• **Records shown**:
(* For the unique formal series solution $(f^{0,+},g^{0,+})$ of $q$-$P(A_1)$ with $F^{0,+}_{1,1}=1$, $G^{0,+}_{1,1}=\Lambda$, the coefficients of $t^1$ are $$F_1^{0,+}(\phi)=\sum_{i\le1}F^{0,+}_{1,i}\phi^i=\phi+F_{\rm eq}+\mu\phi^{-1},\qquad G_1^{0,+}(\phi)=\sum_{i\le1}G^{0,+}_{1,i}\phi^i=\Lambda\phi+G_{\rm eq}+\frac{b_1b_2b_3b_4}{\Lambda}\mu\phi^{-1},$$ i.e. $F^{0,+}_{1,i}=G^{0,+}_{1,i}=0$ for $i\le-2$.
   Context: Parameters $\mathbf b=(b_1,\dots,b_8)\in(\mathbb C^* )^8$, $q=\frac{b_1b_2b_3b_4}{b_5b_6b_7b_8}$, $B=b_1b_2b_3b_4$. The equation $q$-$P(A_1)$ for $f=f(t)$, $g=g(t)$ is $$(gf-t^2)(g\bar f-qt^2)(g-b_5)(g-b_6)(g-b_7)(g-b_8)=(gf-1)(g\bar f-1)(g-b_1t)(g-b_2t)(g-b_3t)(g-b_4t),$$ $$(g\bar f-qt^2)(\bar g\bar f-q^2t^2)(\bar f-b_5^{-1})(\bar f-b_6^{-1})(\bar f-b_7^{-1})(\bar f-b_8^{-1})=(g\bar f-1)(\bar g\bar f-1)(\bar f-b_1^{-1}qt)(\bar f-b_2^{-1}qt)(\bar f-b_3^{-1}qt)(\bar f-b_4^{-1}qt).$$ Formal setting: $\Lambda,\phi$ are indeterminates, $\lambda=\Lambda^2/B$; formal solutions are pairs $f=\sum_{n\ge1}\sum_{i\le n}F_{n,i}\phi^it^n$, $g=\sum_{n\ge1}\sum_{i\le n}G_{n,i}\phi^it^n$ (coefficients depending on $(\Lambda,\mathbf b)$) satisfying both equations identically, where the shift is $t\mapsto qt$, $\phi\mapsto\lambda\phi$, $\Lambda\mapsto\Lambda$. There is a unique such solution with $F_{1,1}=1$, $G_{1,1}=\Lambda$, denoted $(f^{0,+},g^{0,+})$ with coefficients $F^{0,+}_{n,i},G^{0,+}_{n,i}$. $S_i^{\pm}$ is the $i$-th elementary symmetric polynomial in $b_1^{\pm1},\dots,b_4^{\pm1}$, and $F_{\rm eq}=-\frac{B\Lambda(S_1^++2S_1^-\Lambda+S_3^-\Lambda^2)}{(B-\Lambda^2)^2}$, $G_{\rm eq}=-\frac{B\Lambda(S_3^++2S_1^+\Lambda+S_1^-\Lambda^2)}{(B-\Lambda^2)^2}$, $\mu=\frac{\Lambda\prod_{1\le a<c\le4}(\Lambda+b_ab_c)}{(B-\Lambda^2)^4}$. *)

From HB Require Import structures.
From mathcomp Require Import all_boot all_order all_algebra fraction.
Set Implicit Arguments. Unset Strict Implicit. Unset Printing Implicit Defensive.
Import Order.TTheory GRing.Theory Num.Theory.
Local Open Scope ring_scope.

(* Coefficient field: rational functions Q(b1,...,b8,Lambda) in 9 indeterminates,
   built as the fraction field of the 9-fold iterated polynomial ring over rat. *)
Definition P1 : idomainType := {poly rat}.
Definition P2 : idomainType := {poly P1}.
Definition P3 : idomainType := {poly P2}.
Definition P4 : idomainType := {poly P3}.
Definition P5 : idomainType := {poly P4}.
Definition P6 : idomainType := {poly P5}.
Definition P7 : idomainType := {poly P6}.
Definition P8 : idomainType := {poly P7}.
Definition P9 : idomainType := {poly P8}.
Definition K : fieldType := {fraction P9}.
Definition tofracK (x : P9) : K := @FracField.tofrac P9 x.

Definition u2 (x : P1) : P2 := x%:P.
Definition u3 (x : P2) : P3 := x%:P.
Definition u4 (x : P3) : P4 := x%:P.
Definition u5 (x : P4) : P5 := x%:P.
Definition u6 (x : P5) : P6 := x%:P.
Definition u7 (x : P6) : P7 := x%:P.
Definition u8 (x : P7) : P8 := x%:P.
Definition u9 (x : P8) : P9 := x%:P.

Definition X1 : P9 := u9 (u8 (u7 (u6 (u5 (u4 (u3 (u2 ('X : {poly rat})))))))).
Definition X2 : P9 := u9 (u8 (u7 (u6 (u5 (u4 (u3 ('X : {poly P1}))))))).
Definition X3 : P9 := u9 (u8 (u7 (u6 (u5 (u4 ('X : {poly P2})))))).
Definition X4 : P9 := u9 (u8 (u7 (u6 (u5 ('X : {poly P3}))))).
Definition X5 : P9 := u9 (u8 (u7 (u6 ('X : {poly P4})))).
Definition X6 : P9 := u9 (u8 (u7 ('X : {poly P5}))).
Definition X7 : P9 := u9 (u8 ('X : {poly P6})).
Definition X8 : P9 := u9 ('X : {poly P7}).
Definition X9 : P9 := ('X : {poly P8}).

Definition b1 : K := tofracK X1.
Definition b2 : K := tofracK X2.
Definition b3 : K := tofracK X3.
Definition b4 : K := tofracK X4.
Definition b5 : K := tofracK X5.
Definition b6 : K := tofracK X6.
Definition b7 : K := tofracK X7.
Definition b8 : K := tofracK X8.
Definition Lam : K := tofracK X9.

Definition BB : K := b1 * b2 * b3 * b4.
Definition qq : K := BB / (b5 * b6 * b7 * b8).
Definition lam : K := Lam ^+ 2 / BB.

(* Formal double series  sum_{n >= 0} sum_{i in Z} a n i * phi^i * t^n,
   represented by coefficient arrays. Only arrays with a n i = 0 for i > n are
   considered ("i <= n"); the product below is the Cauchy product for such arrays
   (all inner sums are then finite). *)
Definition ser := nat -> int -> K.

Definition sadd (a b : ser) : ser := fun n i => a n i + b n i.
Definition ssub (a b : ser) : ser := fun n i => a n i - b n i.

(* (a*b)_{n,i} = sum_{m=0}^{n} sum_{i1 = i-n+m}^{m} a_{m,i1} b_{n-m,i-i1},
   with i1 = m - j, 0 <= j <= n - i ; zero if i > n. *)
Definition smul (a b : ser) : ser := fun n i =>
  if i <= n%:Z then
    \sum_(m < n.+1) \sum_(j < (absz (n%:Z - i)).+1)
       a m (m%:Z - j%:Z) * b (n - m)%N (i - m%:Z + j%:Z)
  else 0.

Definition tmon (k : nat) (c : K) : ser := fun n i =>
  if (n == k) && (i == 0) then c else 0.

Definition sprod (s : seq ser) : ser := foldr smul (tmon 0 1) s.

(* the shift t -> q t, phi -> lambda phi (Lambda, b fixed) *)
Definition shift (a : ser) : ser := fun n i => qq ^+ n * lam ^ i * a n i.

Definition supported (a : ser) : Prop :=
  forall n i, ((n == 0)%N || (n%:Z < i)) -> a n i = 0.

Definition qPA1_eq1 (f g : ser) : Prop :=
  let fb := shift f in
  sprod [:: ssub (smul g f) (tmon 2 1); ssub (smul g fb) (tmon 2 qq);
            ssub g (tmon 0 b5); ssub g (tmon 0 b6); ssub g (tmon 0 b7); ssub g (tmon 0 b8)]
  = sprod [:: ssub (smul g f) (tmon 0 1); ssub (smul g fb) (tmon 0 1);
            ssub g (tmon 1 b1); ssub g (tmon 1 b2); ssub g (tmon 1 b3); ssub g (tmon 1 b4)].

Definition qPA1_eq2 (f g : ser) : Prop :=
  let fb := shift f in
  let gb := shift g in
  sprod [:: ssub (smul g fb) (tmon 2 qq); ssub (smul gb fb) (tmon 2 (qq ^+ 2));
            ssub fb (tmon 0 b5^-1); ssub fb (tmon 0 b6^-1);
            ssub fb (tmon 0 b7^-1); ssub fb (tmon 0 b8^-1)]
  = sprod [:: ssub (smul g fb) (tmon 0 1); ssub (smul gb fb) (tmon 0 1);
            ssub fb (tmon 1 (b1^-1 * qq)); ssub fb (tmon 1 (b2^-1 * qq));
            ssub fb (tmon 1 (b3^-1 * qq)); ssub fb (tmon 1 (b4^-1 * qq))].

Definition formal_solution (f g : ser) : Prop :=
  supported f /\ supported g /\ qPA1_eq1 f g /\ qPA1_eq2 f g.

Definition S1p : K := b1 + b2 + b3 + b4.
Definition S3p : K := b1*b2*b3 + b1*b2*b4 + b1*b3*b4 + b2*b3*b4.
Definition S1m : K := b1^-1 + b2^-1 + b3^-1 + b4^-1.
Definition S3m : K := b1^-1*b2^-1*b3^-1 + b1^-1*b2^-1*b4^-1
                    + b1^-1*b3^-1*b4^-1 + b2^-1*b3^-1*b4^-1.

Definition Feq : K :=
  - (BB * Lam * (S1p + 2 * S1m * Lam + S3m * Lam ^+ 2)) / (BB - Lam ^+ 2) ^+ 2.
Definition Geq : K :=
  - (BB * Lam * (S3p + 2 * S1p * Lam + S1m * Lam ^+ 2)) / (BB - Lam ^+ 2) ^+ 2.
Definition mu : K :=
  Lam * ((Lam + b1*b2) * (Lam + b1*b3) * (Lam + b1*b4) * (Lam + b2*b3)
         * (Lam + b2*b4) * (Lam + b3*b4)) / (BB - Lam ^+ 2) ^+ 4.

From HB Require Import structures.
From mathcomp Require Import all_boot all_order all_algebra fraction.
From mathcomp Require Import ring zify.
From Stdlib Require Import FunctionalExtensionality.
Set Implicit Arguments. Unset Strict Implicit. Unset Printing Implicit Defensive.
Import GRing.Theory.
Local Open Scope ring_scope.

(* Let F_m, G_m be the coefficients of phi^(1-m) t in f and g.  As f and g start
   at t^1, the t^4 coefficients of the two equations of q-P(A1) only involve F and G;
   up to constant factors they are the sequences [defect1 F G] and [defect2 F G]
   below, which must vanish.  Their m-th terms are linear in (F_m, G_m) modulo
   F_0..F_(m-1), G_0..G_(m-1), with determinant a nonzero multiple of
   (lam^-m - 1)^2; as lam = Lam^2/B is not a root of unity, F and G are determined by
   F_0 = 1 and G_0 = Lam.  The sequences (1, F_eq, mu, 0, 0, ...) and
   (Lam, G_eq, B mu / Lam, 0, 0, ...) satisfy the recurrences (a rational identity for
   each m <= 8, trivially beyond), so they are F and G. *)

Section CauchyProduct.
Variable R : comPzRingType.
Implicit Types (U V W : nat -> R) (a b c : R).

Definition conv U V : nat -> R := fun m => \sum_(0 <= j < m.+1) U j * V (m - j)%N.

Definition mono (k : nat) c : nat -> R := fun m => if m == k then c else 0.

Definition convs (Us : seq (nat -> R)) : nat -> R := foldr conv (mono 0 1) Us.

Definition bounded (n : nat) U := forall j, (n < j)%N -> U j = 0.

Definition agree_below (m : nat) U V := forall j, (j < m)%N -> U j = V j.

Lemma conv_at0 U V : conv U V 0 = U 0%N * V 0%N.
Proof. by rewrite /conv big_nat1. Qed.

Lemma conv_mono0l c U : conv (mono 0 c) U = c \*o U.
Proof.
apply: functional_extensionality => m.
rewrite /conv big_nat_recl // big1_seq ?addr0 ?subn0 // => j _.
by rewrite mul0r.
Qed.

Lemma conv_mono0r c U : conv U (mono 0 c) = c \*o U.
Proof.
apply: functional_extensionality => m.
rewrite /conv big_nat_recr //= subnn big1_seq ?add0r 1?mulrC // => j.
by rewrite mem_index_iota /= => hj; rewrite /mono subn_eq0 leqNgt hj mulr0.
Qed.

• **What the task asks**: Look through the data above for the string "fraction" and copy every line where it appears.

• **Response to the exercise**:
From mathcomp Require Import all_boot all_order all_algebra fraction.
   built as the fraction field of the 9-fold iterated polynomial ring over rat. *)
Definition K : fieldType := {fraction P9}.
From mathcomp Require Import all_boot all_order all_algebra fraction.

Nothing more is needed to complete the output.